Replicating the same menu as their original location, the move comes as both smart and celebratory: Belmont Shore, after a tumultuous five years, is back on the rise, with new restaurants like Liv’s and Yasu enjoying steady success, staples like Nick’s and Saint & Second always filled, and a seemingly plethora of upcoming openings: L’Antica, Breakfast Republic, Louie’s…In this sense, the addition of Sushi Nikkei seems rather serendipitous.
“There was really only one choice: We do this now or we push it much farther into the future,” Daiwa said, who is expecting the couple’s second child. “So we decided on now and the community of Belmont Shore has been nothing but inviting and welcoming.”That sense of inviting and welcoming is easily to exude with Sushi Nikkei, bringing a form of sushi not to be found anywhere in the city except, well, at their original location.

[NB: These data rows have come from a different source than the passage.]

Lemma mean_multiplier_le : c <= 1 - ub.
Proof.
rewrite leNgt; apply/negP => c_gt.
have beta_le i : beta i <= (ub + c) * (1 - u i).
  case: (multiplier_cases i) => -[u_val b_val].
  - by rewrite u_val subr0 mulr1; case/andP: b_val.
  - by rewrite u_val subrr mulr0; case/andP: b_val.
  - by rewrite b_val; case/andP: u_val => _ ?; apply: mulr_ge0; lra.
have : c * \sum_i m i <= (ub + c) * (1 - ub) * \sum_i m i.
  rewrite -mass_beta -mulrA mulrBl mul1r -mass_u -sumrB mulr_sumr.
  apply: ler_sum => i _.
  by rewrite -{2}[m i]mul1r -mulrBl mulrA ler_wpM2r.
rewrite ler_pM2r //; move: ub01 => /andP[? ?]; nra.
Qed.

Lemma mean_multiplier_ge : - ub <= c.
Proof.
rewrite leNgt; apply/negP => c_lt.
have beta_ge i : (ub - 1 + c) * u i <= beta i.
  case: (multiplier_cases i) => -[u_val b_val].
  - by rewrite u_val mulr0; case/andP: b_val.
  - by rewrite u_val mulr1; case/andP: b_val.
  - by rewrite b_val; case/andP: u_val => ? _; nra.
have : (ub - 1 + c) * ub * \sum_i m i <= c * \sum_i m i.
  rewrite -mass_beta -mulrA -mass_u mulr_sumr.
  by apply: ler_sum => i _; rewrite mulrA ler_wpM2r.
rewrite ler_pM2r //; move: ub01 => /andP[? ?]; nra.
Qed.

Lemma multiplier_bounds i : ub - 1 <= beta i - c <= ub /\ -1 <= beta i <= 1.
Proof.
have := mean_multiplier_le; have := mean_multiplier_ge.
case: (multiplier_cases i) => -[_ b_val] c_ge c_le.
- by case/andP: b_val => *; lra.
- by case/andP: b_val => *; lra.
- by rewrite b_val; lra.
Qed.

End MultiplierMean.

Theorem lemma38 (R : realType) (T : finType) (omega : T -> T -> R) (r : R)
  (eps tau : R) (un un1 beta : T -> R) :
  weighted_graph omega ->
  0 <= r <= 1 ->
  0 < eps -> 0 < tau -> tau <= eps ->
  in_unit_interval un ->
  in_B un1 beta ->
  (forall i,
     un1 i - heat_semigroup omega r tau un i - (tau / eps) * un1 i
       + (tau / eps) * mean omega r un1
     = (tau / eps) * beta i - (tau / eps) * mean omega r beta) ->
  mean omega r un = mean omega r un1 ->
  0 < mean omega r un1 < 1 ->
  forall i,
    mean omega r un1 - 1 <= beta i - mean omega r beta <= mean omega r un1 /\
    -1 <= beta i <= 1.
Proof.
move=> [_ omega_ge0 _ _] _ eps_gt0 tau_gt0 _ un01 beta_B scheme _ ub01.
pose m i := powR (degree omega i) r.
have m_ge0 i : 0 <= m i by exact: powR_ge0.
have mass1E : mass omega r (fun=> 1) = \sum_i m i by apply: eq_bigr => i _; rewrite mul1r.
have mass_gt0 : 0 < \sum_i m i.
  rewrite lt_def sumr_ge0 // andbT; apply: contraTneq ub01 => mass0.
  by rewrite /mean mass1E mass0 invr0 mulr0 ltxx.
have massE v : \sum_i v i * m i = mean omega r v * \sum_i m i.
  by rewrite /mean mass1E divfK ?gt_eqF.
have heat01 := heat_semigroup_unit_interval r omega_ge0 (ltW tau_gt0) un01.
have step i := scheme_multiplier_bounds (divr_gt0 tau_gt0 eps_gt0) (heat01 i) (scheme i).
exact: (multiplier_bounds m_ge0 mass_gt0 ub01 (massE _) (massE _) beta_B
  (fun i => (step i).1) (fun i => (step i).2)).
Qed.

Peru’s rich history of Asian immigrants—particularly Japanese and Chinese—have brought with it an equally rich development of sushi as seen through a Peruvian lens thanks to the children of Asian descent. Sushi Nikkei is but one of the world’s examples of that—but it is one of the rare examples in SoCal.The result? A “Dusty Roll” where shrimp, octopus, and tuna are topped with a buttery parmesan crust that creates an equally butter, umami bomb of a roll.
Or a must-order, eight-piece Sushi Nikkei tasting, where you can feel and taste the evolution of Eduardo’s sushi journey. From popped-and-seasoned quinoa atop a white fish to a genuinely surprising butter-meets-parmesan scallop, where Eduardos house-made compound parmesan butter is set atop a scallop before being seared to a golden brown crisp.It is Peruvian ingredients—chalaquita, quinoa, aji chiles, parrillera salsa…— molded by Japanese techniques.

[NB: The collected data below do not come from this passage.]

Lemma open_star_ball S x r : open_star S x -> gball x r `<=` open_star S.
Proof.
case: x => [v|[e t]] /= Sx [w|[e' s]] //=.
- by move=> ->.
- by case=> s_in [[-> _]|[-> _]]; split; rewrite // Sx ?orbT.
- by case=> -> [s_in _]; case: Sx.
Qed.

Lemma gopen_open_star S : gopen (open_star S).
Proof.
split; first by case=> [v|[e t]] //= [].
by move=> x Sx; split => //; exists 1; split => //; exact: open_star_ball.
Qed.

Lemma gclosure_open_star_edge S e t :
  gclosure (open_star S) (inr (e, t)) -> open_star S (inr (e, t)).
Proof.
case=> /= t_in /(_ 1 ltr01) [[w|[e' s]]] [] //=.
by case=> ee' _ [_ Se]; subst e'; split.
Qed.

Lemma gbdry_open_star S x : gbdry (open_star S) x -> exists2 v, x = inl v & v \notin S.
Proof.
case: x => [v|[e t]] [cl_x not_int]; last first.
  have Sx := gclosure_open_star_edge cl_x.
  by case: not_int; split => //; exists 1; split => //; exact: open_star_ball.
exists v => //; apply/negP => Sv; apply: not_int; split => //.
by exists 1; split => //; exact: open_star_ball.
Qed.

Lemma gadmissible_open_star S : gadmissible (open_star S).
Proof.
split; first exact: gopen_open_star.
apply: (@sub_finite_set _ _ (inl @` setT)); last exact/finite_image/finite_finset.
by move=> x /gbdry_open_star [v -> _]; exists v.
Qed.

And for those that are still scratching their heads over the idea of what, exactly, “Peruvian sushi” means, the quick thing to note—as I did more extensively in my previous feature on the food of Eduardo—is that this is not fusion food but a direct product of Japanese culture flourishing in Peru.”Sushi is as Peruvian as it is Japanese back home,” Daiwa said. “They are intertwined with the spirit of the Nikkei.”
“Nikkei” in Japanese means those of Japanese descendants, the literal span of the Japanese diaspora worldwide—and for a culture so subsumed in its own identity, with strong ties to family and geography, those outside of the island proper have had to doubly fight to maintain their sense of Japanese-ness while also assimilating to their new homes. In Peru, where both Eduardo and Daiwa hail from, the Nikkei have shifted and molded Peruvian cuisine in a way that few other outside cultures have—and decades later, much like how Sushi Nikkei in Long Beach already feels like it has been a permanent part of our food fabric for years, the food of the Nikkei in Peru is just as Peruvian as lomo saltado.
Sushi Nikkei’s new location is located at 5020 E. 2nd St. in Belmont Shore. Their original location is located at 3819 Atlantic Ave. in Bixby Knolls.